In the United Kingdom, this communication is only addressed to and is only directed at Qualified Investors who (i) are investment professionals falling within Article 19(5) of the Financial Services and Markets Act 2000 (Financial Promotion) Order 2005 (as amended) (the “Order”) or (ii) are persons falling within Article 49(2)(a) to (d) of the Order (high net worth companies, unincorporated associations, etc.) (all such persons together being referred to as “Relevant Persons”). These materials are directed only at Relevant Persons and must not be acted on or relied on by persons who are not Relevant Persons. Any investment or investment activity to which this announcement relates is available only to Relevant Persons and will be engaged in only with Relevant Persons. Persons distributing this communication must satisfy themselves that it is lawful to do so.
Matters discussed in this announcement may constitute forward-looking statements. Forward-looking statements are statements that are not historical facts and may be identified by words such as “believe”, “expect”, “anticipate”, “strategy”, “intends”, “estimate”, “will”, “may”, “continue”, “should” and similar expressions. The forward-looking statements in this release are based upon various assumptions, many of which are based, in turn, upon further assumptions. Although the Company believe that these assumptions were reasonable when made, these assumptions are inherently subject to significant known and unknown risks, uncertainties, contingencies and other important factors which are difficult or impossible to predict, and are beyond its control. Such risks, uncertainties, contingencies and other important factors could cause actual events to differ materially from the expectations expressed or implied in this release by such forward-looking statements. The Company does not make any guarantee that the assumptions underlying the forward-looking statements in this announcement are free from errors nor does it accept any responsibility for the future accuracy of the opinions expressed in this announcement or any obligation to update or revise the statements in this announcement to reflect subsequent events. You should not place undue reliance on the forward-looking statements in this announcement.
The information, opinions and forward-looking statements contained in this announcement speak only as at its date, and are subject to change without notice. The Company does not undertake any obligation to review, update, confirm, or to release publicly any revisions to any forward-looking statements to reflect events that occur or circumstances that arise in relation to the content of this announcement.
Neither the Manager nor any of its affiliates makes any representation as to the accuracy or completeness of this announcement and none of them accepts any responsibility for the contents of this announcement or any matters referred to herein.

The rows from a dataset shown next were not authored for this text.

(* Let $G=(V,E)$ be a hypergraph and let $(U,\overline U)$ be a minimal balanced minimum $k$-partition split in $G$ for some integer $k\ge2$. Then for every vertex $u_0\in U$ there exist subsets $S\subseteq U\setminus\{u_0\}$ and $T\subseteq\overline U$ with $|S|\le 2k-3$ and $|T|\le 2k-2$ such that $(U,\overline U)$ is the source minimal minimum $(S\cup\{u_0\},T)$-terminal cut in $G$.
   Context: A hypergraph $G=(V,E)$ has finite vertex set $V$ and finite multiset $E$ of unit-cost hyperedges (subsets of $V$). For $X\subseteq V$, $\overline X=V\setminus X$ and $d(X)$ is the number of hyperedges meeting both $X$ and $\overline X$. The cost of an (ordered) partition of $V$ into non-empty parts is the number of hyperedges meeting at least two parts; a minimum $k$-partition is a $k$-partition of minimum cost. A 2-partition $(U,\overline U)$ is a balanced minimum $k$-partition split if there is a minimum $k$-partition $(V_1,\dots,V_k)$ with $U=\bigcup_{i=1}^{\lfloor k/2\rfloor}V_i$; it is minimal if there is no balanced minimum $k$-partition split $(U',\overline{U'})$ with $U'\subsetneq U$. For disjoint $S,T\subseteq V$, a 2-partition $(X,\overline X)$ is an $(S,T)$-terminal cut if $S\subseteq X\subseteq V\setminus T$; it is minimum if $d(X)$ is minimum among such cuts; the source minimal minimum $(S,T)$-terminal cut is the unique minimum one whose source set $X$ is inclusion-wise minimal. *)

From mathcomp Require Import all_boot.
Set Implicit Arguments. Unset Strict Implicit. Unset Printing Implicit Defensive.

(* A hypergraph on a finite vertex type V is a multiset of hyperedges,
   represented as a list E : seq {set V}; every hyperedge has unit cost. *)

Section Hyper.
Variable V : finType.
Variable E : seq {set V}.

Definition dcut (X : {set V}) : nat :=
  count (fun e : {set V} => (e :&: X != set0) && (e :&: ~: X != set0)) E.

Definition is_kpartition (k : nat) (P : 'I_k -> {set V}) : Prop :=
  (forall i, P i != set0) /\
  (forall i j, i != j -> [disjoint P i & P j]) /\
  (\bigcup_(i < k) P i = [set: V]).

Definition kcost (k : nat) (P : 'I_k -> {set V}) : nat :=
  count (fun e : {set V} => 2 <= #|[set i : 'I_k | e :&: P i != set0]|) E.

Definition is_min_kpartition (k : nat) (P : 'I_k -> {set V}) : Prop :=
  is_kpartition P /\ forall Q : 'I_k -> {set V}, is_kpartition Q -> kcost P <= kcost Q.

Definition balanced_split (k : nat) (U : {set V}) : Prop :=
  exists P : 'I_k -> {set V},
    is_min_kpartition P /\ U = \bigcup_(i < k | i < k./2) P i.

Definition minimal_balanced_split (k : nat) (U : {set V}) : Prop :=
  balanced_split k U /\ ~ (exists U' : {set V}, balanced_split k U' /\ U' \proper U).

Definition terminal_cut (S T X : {set V}) : Prop :=
  X != set0 /\ X != [set: V] /\ S \subset X /\ X \subset ~: T.

Definition min_terminal_cut (S T X : {set V}) : Prop :=
  terminal_cut S T X /\ forall Y, terminal_cut S T Y -> dcut X <= dcut Y.

Definition source_minimal_min_terminal_cut (S T X : {set V}) : Prop :=
  min_terminal_cut S T X /\
  forall Y, min_terminal_cut S T Y -> ~ (Y \proper X).

End Hyper.

From mathcomp Require Import all_boot zify.
Set Implicit Arguments. Unset Strict Implicit. Unset Printing Implicit Defensive.

(* Let c = d(U) and call a nonempty D inside U - u0 removable when d(U - D) <= c.
   A set S meeting every removable D pins U from below: every Y containing u0 + S
   with d(Y ∩ U) <= c contains U.  Dually, with threshold c - 1 and a vertex t0
   outside U, a set T pins U from above, and submodularity of d then makes U the
   source minimal minimum (u0 + S, T)-terminal cut.
   A minimum hitting set H of the removable sets has fewer than 2k - 2 elements:
   otherwise minimality gives removable D_h with D_h ∩ H = {h} for 2k - 2 points h.
   Their private parts yield two k-partitions (k - 1 private parts plus the rest
   of V), and a hyperedge-by-hyperedge uncrossing of the sets U - D_h into the sets
   of vertices covered at least t times (t >= 3) shows that the two partitions
   together cost at most 2c, since each D_h costs at most c while each level set
   misses H and so costs at least c.  The cheaper partition is then a minimum
   k-partition whose balanced split lies in U - u0, contradicting minimality. *)

Lemma count_sumE (T : Type) (p : pred T) (s : seq T) : count p s = \sum_(x <- s) p x.
Proof. by rewrite -sum1_count big_mkcond; apply: eq_bigr => x _; case: (p x). Qed.

Lemma sum_boolE (I : finType) (p : pred I) : \sum_(i : I) p i = #|[set i | p i]|.
Proof.
rewrite -sum1dep_card [RHS]big_mkcond; apply: eq_bigr => i _; by case: (p i).
Qed.

Lemma sum_window_le (f : nat -> bool) a n m M :
  (forall t, a <= t < n -> f t -> m < t <= M) -> \sum_(a <= t < n) f t <= M - m.
Proof.
move=> fP; suff : \sum_(a <= t < n) f t <= minn n M.+1 - m.+1 by lia.
elim: n fP => [|n IH] fP; first by rewrite big_geq.
have [an|na] := leqP a n; last by rewrite big_geq.
rewrite big_nat_recr //=.
have {}IH : \sum_(a <= t < n) f t <= minn n M.+1 - m.+1.
  by apply: IH => t /andP[ant tn]; apply: fP; rewrite ant ltnW.
case fn: (f n); last by rewrite addn0; apply: leq_trans IH _; lia.
have := fP n; rewrite an leqnn fn => /(_ isT isT) /andP[mn nM]; lia.
Qed.

Section Crossing.
Variable V : finType.
Implicit Types (e A X Y : {set V}).

Definition meets e X := e :&: X != set0.
Definition crosses e X := meets e X && meets e (~: X).

Lemma meetsP e X : reflect (exists2 v, v \in e & v \in X) (meets e X).
Proof.
apply: (iffP (set0Pn _)) => [[v]|[v ve vX]]; last by exists v; rewrite inE ve vX.
by rewrite inE => /andP[]; exists v.
Qed.

Lemma meetsU e X Y : meets e (X :|: Y) = meets e X || meets e Y.
Proof. by rewrite /meets setIUr -negb_and setU_eq0. Qed.

Lemma meets_subset e X Y : X \subset Y -> meets e X -> meets e Y.
Proof. by move=> /subsetP sXY /meetsP[v ve /sXY vY]; apply/meetsP; exists v. Qed.

Lemma meetsC e X : meets e (~: X) = ~~ (e \subset X).
Proof. by rewrite /meets -setDE setD_eq0. Qed.

Lemma crossesC e X : crosses e (~: X) = crosses e X.
Proof. by rewrite /crosses setCK andbC. Qed.

Lemma crossesE e X : crosses e X = meets e X && ~~ (e \subset X).
Proof. by rewrite /crosses meetsC. Qed.

Lemma crosses_setD e A X : e \subset A -> crosses e (A :\: X) = crosses e X.
Proof.
move=> eA; rewrite /crosses andbC; congr (_ && _).
  by rewrite setDE setCI setCK meetsU meetsC eA.
by rewrite /meets setDE setIA (setIidPl eA).
Qed.

Lemma crosses_submod e X Y :
  crosses e (X :&: Y) + crosses e (X :|: Y) <= crosses e X + crosses e Y.
Proof.
have split Z W : meets e Z = meets e (Z :&: W) || meets e (Z :&: ~: W).
  by rewrite -meetsU -setIUr setUCr setIT.
rewrite /crosses setCI setCU !meetsU (split X Y) (split (~: X) Y).
rewrite (split Y X) (split (~: Y) X) !(setIC Y) !(setIC (~: Y)).
by case: (meets e (X :&: Y)); case: (meets e (X :&: ~: Y));
   case: (meets e (~: X :&: Y)); case: (meets e (~: X :&: ~: Y)).
Qed.

End Crossing.

Section CutFunction.
Variables (V : finType) (E : seq {set V}).
Implicit Types (X Y : {set V}).

Lemma dcut_sumE X : dcut E X = \sum_(e <- E) crosses e X.
Proof. exact: count_sumE. Qed.

Lemma dcutC X : dcut E (~: X) = dcut E X.
Proof. by rewrite !dcut_sumE; apply: eq_bigr => e _; rewrite crossesC. Qed.

Lemma dcut_submod X Y : dcut E (X :&: Y) + dcut E (X :|: Y) <= dcut E X + dcut E Y.
Proof. by rewrite !dcut_sumE -!big_split; apply: leq_sum => e _; apply: crosses_submod. Qed.

Lemma dcut_bigcup_le_kcost k (P : 'I_k -> {set V}) (J : pred 'I_k) :
  is_kpartition P -> dcut E (\bigcup_(i | J i) P i) <= kcost E P.
Proof.
move=> [_ [_ coverP]]; apply: sub_count => e /andP[].
case/set0Pn => v; rewrite inE => /andP[ve /bigcupP[i Ji vi]].
case/set0Pn => w; rewrite !inE => /andP[we wJ].
have /bigcupP[i' _ wi'] : w \in \bigcup_(i < k) P i by rewrite coverP.
apply/card_gt1P; exists i, i'; rewrite !inE; split.
- by apply/set0Pn; exists v; rewrite inE ve vi.
- by apply/set0Pn; exists w; rewrite inE we wi'.
- by apply: contra wJ => /eqP ii'; apply/bigcupP; exists i; rewrite // ii'.
Qed.

End CutFunction.

Lemma exists_extrema (T : finType) (X : {set T}) (f : T -> nat) : X != set0 ->
  exists vlo vhi, [/\ vlo \in X, vhi \in X & forall v, v \in X -> f vlo <= f v <= f vhi].
Proof.
case/set0Pn => v0 Xv0.
case: (@arg_minnP _ v0 (fun v => v \in X) f Xv0) => vlo Xvlo minlo.
case: (@arg_maxnP _ v0 (fun v => v \in X) f Xv0) => vhi Xvhi maxhi.
by exists vlo, vhi; split => // v Xv; rewrite minlo //; apply: maxhi.
Qed.

Section Ply.
Variables (V I : finType) (A : {set V}) (D : I -> {set V}).
Hypothesis DA : forall i, D i \subset A.
Implicit Types (e : {set V}) (v : V) (i l : I).

Definition private_part i := D i :\: \bigcup_(l | l != i) D l.
Definition ply v := #|[set i | v \in D i]|.
Definition level t := [set v | t <= ply v].
Definition private_excess e := minn 2 #|[set i | crosses e (private_part i)]|.

Lemma private_part_sub i : private_part i \subset D i.
Proof. exact: subsetDl. Qed.

Lemma private_part_subA i : private_part i \subset A.
Proof. exact: subset_trans (private_part_sub i) (DA i). Qed.

Lemma notin_private_part i l v : v \in private_part i -> l != i -> v \notin D l.
Proof. by rewrite inE => /andP[vU _] li; apply: contra vU => vl; apply/bigcupP; exists l. Qed.

Lemma in_private_part_eq i i' v : v \in private_part i' -> v \in D i -> i' = i.
Proof.
by move=> vi' vi; apply/eqP; rewrite eq_sym; apply: contraTT vi; apply: notin_private_part.
Qed.

Lemma private_part_disjoint i i' : i != i' -> [disjoint private_part i & private_part i'].
Proof.
move=> ii'; rewrite -setI_eq0; apply/set0Pn => -[v /setIP[vi vi']].
by move: ii'; rewrite (in_private_part_eq vi (subsetP (private_part_sub i') v vi')) eqxx.
Qed.

Lemma ply_private_part i v : v \in private_part i -> ply v = 1.
Proof.
move=> vi; apply/eqP/cards1P; exists i; apply/setP => l; rewrite !inE.
apply/idP/eqP => [vl|->]; last exact: subsetP (private_part_sub i) v vi.
by apply/eqP; apply: contraLR vl; apply: notin_private_part.
Qed.

Lemma ply_gt1 i v : v \in D i -> v \notin private_part i -> 1 < ply v.
Proof.
rewrite inE negb_and negbK => vi; rewrite vi orbF => /bigcupP[l li vl].
by apply/card_gt1P; exists i, l; rewrite !inE vi vl eq_sym.
Qed.

Lemma private_excess_eq0 e :
  ~~ [exists i, crosses e (private_part i)] -> private_excess e = 0.
Proof.
move=> none; rewrite /private_excess (_ : [set i | _] = set0) ?cards0 //.
by apply/setP => i; rewrite !inE; apply: contraNF none => ci; apply/existsP; exists i.
Qed.

Lemma level_sub (X : {set V}) t : (forall i, D i \subset X) -> 0 < t -> level t \subset X.
Proof.
move=> DX t0; apply/subsetP => v; rewrite inE => /(leq_trans t0); rewrite card_gt0.
by case/set0Pn => i; rewrite inE; apply: (subsetP (DX i)).
Qed.

Lemma crosses_level_lt e t vlo :
  (forall v, v \in e -> v \in A -> ply vlo <= ply v) ->
  crosses e (A :\: level t) -> ply vlo < t.
Proof.
move=> vlo_min /andP[/meetsP[v ve] + _]; rewrite !inE -ltnNge => /andP[vt vA].
exact: leq_ltn_trans (vlo_min v ve vA) vt.
Qed.

Lemma crosses_level_le e t vhi : e \subset A ->
  (forall v, v \in e -> ply v <= ply vhi) ->
  crosses e (A :\: level t) -> t <= ply vhi.
Proof.
move=> eA vhi_max; rewrite crosses_setD // => /andP[/meetsP[v ve] + _].
by rewrite inE => /leq_trans; apply; apply: vhi_max.
Qed.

This announcement is for information purposes only and is not to be relied upon in substitution for the exercise of independent judgment. It is not intended as investment advice and under no circumstances is it to be used or considered as an offer to sell, or a solicitation of an offer to buy any securities or a recommendation to buy or sell any securities of the Company. Neither the Manager nor any of its affiliates accepts any liability arising from the use of this announcement.
The distribution of this announcement and other information may be restricted by law in certain jurisdictions. Persons into whose possession this announcement or such other information should come are required to inform themselves about and to observe any such restrictions.